But my fam ... my family was not wealthy enough or, so I only had my education up to secondary modern school, where you were supposed to leave at fifteen. And I left at fourteen and a half, and that meant I couldn't get a scholarship to go to an art school or a grammar school, unlike my sister, who was born ten years later.

We were more well off then, and she got a scholarship and she went to the Liverpool School of Art, which I never ever had. But she never became a painter, but I did without that education. You know, that visual arts education.

And so that's how it all started. I think I can say by the time I was fifteen or sisteen, I already had it...a vague sense of maybe of a vocation. But there was nobody there around me in the culture, in the context, my family context, that could really say that, "Yes, that is true. If you pursue this, you could go from A to B."

But there was that sense, because of Ronald McKinzie, this friend of mine. It was a possibility, because we both then went to night school at the Liverpool College of Arts, which was, you know ... we started to take ourselves quite seriously.
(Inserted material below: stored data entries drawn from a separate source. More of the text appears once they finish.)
(* Let $N\ge 2$ and $R\ge 3$, and let $S=\lfloor R/3\rfloor$. For every $c<2-\tfrac{1}{2^S}$, there is no $c$-approximation randomized online algorithm for the minimum congestion routing problem in the Clos network $C_{N,R}$.
   Context: Clos network $C_{N,R}$: a directed graph with $N$ middle switches $M_1,\dots,M_N$, $R$ input switches $I_1,\dots,I_R$, $R$ output switches $O_1,\dots,O_R$, source servers $s_i^k$ and destination servers $t_i^k$ ($i\in[R]$, $k\in[N]$), and edges $s_i^kI_i$, $I_iM_m$, $M_mO_i$, $O_it_i^k$ for all $i\in[R]$, $m,k\in[N]$; all links have capacity $1$. A flow $f$ has a source server $s(f)$ of input switch $I_{i(f)}$, a destination server $t(f)$ of output switch $O_{j(f)}$, and a positive demand $\mathrm{dem}(f)$; a set of flows must have total demand at most $1$ leaving each source server and entering each destination server. A routing $r$ assigns each flow a single middle switch $r(f)\in[N]$; its congestion is $\max_{i\in[R],m\in[N]}\max\{\sum_{f:i(f)=i,r(f)=m}\mathrm{dem}(f),\ \sum_{f:j(f)=i,r(f)=m}\mathrm{dem}(f)\}$; $OPT(\mathcal{F})$ is the minimum congestion over all routings of $\mathcal{F}$. A deterministic online algorithm defines a routing for every sequence of flows such that for every prefix $P$ of a sequence $F$, the routing of $P$ when given $P$ equals the routing of $P$ when given $F$. A randomized online algorithm is a probability distribution over deterministic online algorithms; it is a $c$-approximation if for every sequence $\mathcal{F}$ of flows its expected congestion is at most $c\cdot OPT(\mathcal{F})$. *)

From HB Require Import structures.
From mathcomp Require Import all_boot all_order all_algebra.
From mathcomp Require Import all_classical all_reals all_analysis.
Set Implicit Arguments. Unset Strict Implicit. Unset Printing Implicit Defensive.
Import Order.TTheory GRing.Theory Num.Theory.
Local Open Scope ring_scope.

(* A flow in the Clos network C_{N,R}: source server s_{src_in}^{src_k}
   (of input switch I_{src_in}), destination server t_{dst_out}^{dst_k}
   (of output switch O_{dst_out}) and a demand. *)
Record flow (Rt : realType) (N R : nat) := Flow {
  src_in : 'I_R; src_k : 'I_N; dst_out : 'I_R; dst_k : 'I_N; dem : Rt }.

Section Clos.
Variables (Rt : realType) (N R : nat).
Local Notation flowT := (flow Rt N R).

Definition valid_flows (F : seq flowT) : Prop :=
  (forall f, f \in map (@dem _ _ _) F -> 0 < f) /\
  (forall (i : 'I_R) (k : 'I_N),
     \sum_(f <- F | (src_in f == i) && (src_k f == k)) dem f <= 1) /\
  (forall (j : 'I_R) (k : 'I_N),
     \sum_(f <- F | (dst_out f == j) && (dst_k f == k)) dem f <= 1).

(* congestion of routing r (r`_t = middle switch of the t-th flow of F) *)
Definition congestion (F : seq flowT) (r : seq 'I_N) : Rt :=
  \big[Num.max/0]_(i < R) \big[Num.max/0]_(m < N)
    Num.max (\sum_(p <- zip F r | (src_in p.1 == i) && (p.2 == m)) dem p.1)
            (\sum_(p <- zip F r | (dst_out p.1 == i) && (p.2 == m)) dem p.1).

(* OPT(F): minimum congestion over all routings of F (in \bar Rt; +oo only
   if there is no routing at all) *)
Definition OPT (F : seq flowT) : \bar Rt :=
  \big[Order.min/+oo%E]_(r : (size F).-tuple 'I_N) (congestion F r)%:E.

Definition det_online (A : seq flowT -> seq 'I_N) : Prop :=
  (forall F, size (A F) = size F) /\
  (forall F n, A (take n F) = take n (A F)).

(* randomized online c-approximation algorithm: a probability distribution over
   deterministic online algorithms, i.e. a random deterministic online algorithm
   on some probability space, whose routing of each sequence is measurable *)
Definition rand_c_approx (c : Rt) : Prop :=
  exists (d : measure_display) (T : measurableType d) (P : probability T Rt)
         (alg : T -> seq flowT -> seq 'I_N),
    (forall w, det_online (alg w)) /\
    (forall F s, measurable [set w | alg w F = s]) /\
    (forall F, valid_flows F ->
       (\int[P]_w (congestion F (alg w F))%:E <= c%:E * OPT F)%E).

End Clos.

(* Split the input and output switches into S = R/3 disjoint triples. On the
   k-th triple a gadget sends N-1 flows X from input to output switch 3k and
   N-1 flows Y from input to output switch 3k+1, and then either one flow Z
   from input 3k to output 3k+1, or two flows W, V from input 3k+2 to outputs
   3k and 3k+1.  With all demands equal to a unit dl, a routing has congestion
   dl when no two flows share a link and at least 2 dl otherwise.  After the
   X and Y copies are routed without conflict, one middle switch is free on
   each side; Z needs the two free switches to coincide, W and V need them to
   differ, so an online algorithm routes at most one of the 2^S instances
   (one continuation per gadget) without conflict, although each of them has
   a conflict-free routing.  Averaging over these instances (Yao's principle)
   gives expected congestion at least (2 - 2^-S) dl against OPT = dl. *)

From HB Require Import structures.
From mathcomp Require Import all_boot all_order all_algebra.
From mathcomp Require Import all_classical all_reals all_analysis.
From mathcomp Require Import measurable_realfun.
From mathcomp Require Import zify lra.
Import Order.TTheory GRing.Theory Num.Theory.
Set Implicit Arguments. Unset Strict Implicit. Unset Printing Implicit Defensive.
Local Open Scope ring_scope.

Lemma all_zip1 (S T : Type) (P : pred S) (s : seq S) (t : seq T) :
  (size s <= size t)%N -> all (fun p => P p.1) (zip s t) = all P s.
Proof. by move=> st; rewrite -[in RHS](unzip1_zip st) all_map. Qed.

Lemma sum_uniform (V : nmodType) (I : Type) (s : seq I) (g : I -> V) (P : pred I) x :
  all (fun i => g i == x) s -> \sum_(i <- s | P i) g i = x *+ count P s.
Proof.
elim: s => [|i s IH] /=; first by rewrite big_nil.
by case/andP=> /eqP gi /IH{}IH; rewrite big_cons IH gi; case: (P i); rewrite ?mulrS.
Qed.

Definition flow_code (Rt : realType) N R (f : flow Rt N R) :=
  (src_in f, src_k f, dst_out f, dst_k f, dem f).

Definition flow_decode (Rt : realType) N R
    (c : 'I_R * 'I_N * 'I_R * 'I_N * Rt) : flow Rt N R :=
  Flow c.1.1.1.1 c.1.1.1.2 c.1.1.2 c.1.2 c.2.

Lemma flow_codeK (Rt : realType) N R : cancel (@flow_code Rt N R) (@flow_decode Rt N R).
Proof. by case. Qed.

HB.instance Definition _ (Rt : realType) N R :=
  Equality.copy (flow Rt N R) (can_type (@flow_codeK Rt N R)).

Section Routings.
Variables (Rt : realType) (N R : nat).
Local Notation flowT := (flow Rt N R).
Local Notation routedT := (flowT * 'I_N)%type.
Local Notation src := (@src_in Rt N R).
Local Notation dst := (@dst_out Rt N R).
Implicit Types (sw : flowT -> 'I_R) (F : seq flowT) (r : seq 'I_N) (L : seq routedT).

Definition load (sw : flowT -> 'I_R) (L : seq routedT) (i : 'I_R) (m : 'I_N) :=
  count (fun p : routedT => (sw p.1 == i) && (p.2 == m)) L.

Lemma load_cat sw L1 L2 i m :
  load sw (L1 ++ L2) i m = (load sw L1 i m + load sw L2 i m)%N.
Proof. exact: count_cat. Qed.

Lemma load_zip_nseq sw n (f : flowT) (t : seq 'I_N) i m : size t = n ->
  load sw (zip (nseq n f) t) i m = ((sw f == i) * count_mem m t)%N.
Proof.
move=> <-; elim: t => [|x t IH]; first by rewrite muln0.
by rewrite /load /= in IH *; rewrite IH; case: (sw f == i); rewrite ?mul1n ?mul0n.
Qed.

Definition link_free (sw : flowT -> 'I_R) (L : seq routedT) :=
  [forall i, forall m, load sw L i m <= 1]%N.

Definition conflict_free (L : seq routedT) :=
  link_free src L && link_free dst L.

Lemma link_freeP sw L : reflect (forall i m, load sw L i m <= 1)%N (link_free sw L).
Proof.
apply: (iffP forallP) => [H i m | H i]; first exact: (forallP (H i)).
by apply/forallP.
Qed.

Lemma link_free_subseq sw L1 L2 : subseq L1 L2 -> link_free sw L2 -> link_free sw L1.
Proof.
move=> sub /link_freeP free; apply/link_freeP => i m.
exact: leq_trans (leq_count_subseq _ sub) (free i m).
Qed.

Lemma conflict_free_subseq L1 L2 :
  subseq L1 L2 -> conflict_free L2 -> conflict_free L1.
Proof. by move=> sub /andP[*]; rewrite /conflict_free !(link_free_subseq sub). Qed.

Lemma link_free_uniq sw L L' i : link_free sw L -> subseq L' L ->
  all (fun p : routedT => sw p.1 == i) L' -> uniq (map snd L').
Proof.
move=> free sub /allP on_i; move: free => /(link_free_subseq sub) /link_freeP free.
apply: count_mem_uniq => m.
have cnt : count_mem m (map snd L') = load sw L' i m.
  by rewrite count_map; apply: eq_in_count => p /on_i /= ->.
by have := free i m; rewrite -cnt -has_pred1 has_count; lia.
Qed.

Lemma link_free_uniq_zip_nseq sw L n (f g : flowT) (t : seq 'I_N) x : size t = n ->
  link_free sw L -> subseq (rcons (zip (nseq n f) t) (g, x)) L -> sw g = sw f ->
  uniq (x :: t).
Proof.
move=> size_t free sub gf.
have zip_t : map snd (zip (nseq n f) t) = t by apply: unzip2_zip; rewrite size_nseq size_t.
suff : uniq (map snd (rcons (zip (nseq n f) t) (g, x))) by rewrite map_rcons zip_t rcons_uniq.
apply: (link_free_uniq (i := sw f) free sub).
rewrite all_rcons gf eqxx (all_zip1 (fun y => sw y == sw f)) ?size_nseq ?size_t //.
by rewrite all_nseq eqxx orbT.
Qed.

Definition uniform_dem (dl : Rt) F := all (fun f => dem f == dl) F.

Lemma uniform_zip dl F r :
  uniform_dem dl F -> all (fun p : routedT => dem p.1 == dl) (zip F r).
Proof. by elim: F r => [|f F IH] [|m r] //= /andP[-> /IH ->]. Qed.

Lemma congestion_uniform dl F r : uniform_dem dl F ->
  congestion F r = \big[Num.max/0]_(i < R) \big[Num.max/0]_(m < N)
    Num.max (dl *+ load src (zip F r) i m) (dl *+ load dst (zip F r) i m).
Proof.
move=> /(uniform_zip r) unif; apply: eq_bigr => i _; apply: eq_bigr => m _.
by rewrite !(sum_uniform _ unif).
Qed.

Lemma congestion_ge0 F r : 0 <= congestion F r.
Proof. exact: bigmax_ge_id. Qed.

Lemma load_le_congestion dl F r i m x : uniform_dem dl F ->
  x <= Num.max (dl *+ load src (zip F r) i m) (dl *+ load dst (zip F r) i m) ->
  x <= congestion F r.
Proof.
move=> unif le_x; rewrite (congestion_uniform r unif).
apply: le_trans (le_bigmax _ _ i); exact: le_trans le_x (le_bigmax _ _ m).
Qed.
And that's how it really started. And although I had no idea of what the journey was going to be, and what the destination was, because you can never predict those sort of things, how it goes. But from that moment on I think there was a sense of I want this to happen, you know?

Paul: Now, one important stage in that journey occurred in 1959 when you saw the seminal show, "New American Painting" at the Tate. That had a big impact on you. Tell me a little bit about the impact.

Alun: Well, prior to that I'd become interested in Matisse, as I mentioned to you earlier on.

The idea that painting or colour in painting being an expressive tool to show emotion. Not to describe things or to think philosophically, but colour seemed to be so emotional that it was almost wordless. If you can make a visual image rich in colour, you would have feeling naturally following in its wake. I think I'd learned that lesson from Matisse.

Then 1959, I then saw Barnett Newman, Rothko, and that reinforced that abstraction just married to colour was a powerful tool to express feeling. I'm not sure what the feelings were or are, but from that moment on, I was more or less dedicated to the idea of colour being central to painting. That gives you a very strong sense of vocation.

Paul: In 1960, you emigrated to Australia. Why Australia? And why Adelaide?

Alun: Well, again, fairly clear answers. I just lived through what was known as the "age of anxiety," the postwar period in Britain where everybody was impoverished. My social position in that world was such that I really would have no hope to go to higher education, art school, let alone a Red Brick university, and certainly not one of the great universities.

I had a distinct feeling...north of England, impoverished...there was really no, there's no future to stay here. I was going to be blocked at every way. I had the wrong accent. I came from a working class background. I didn't have education. So what place was there for me to go?

And so I thought, "Well, maybe emigration, going someplace else which was more open to somebody with none of those qualifications, but through energy and through talent you might be able to succeed." I thought maybe America and I thought New Zealand and I thought Australia. I didn't try America. Maybe that was a mistake. Maybe I should have gone to America.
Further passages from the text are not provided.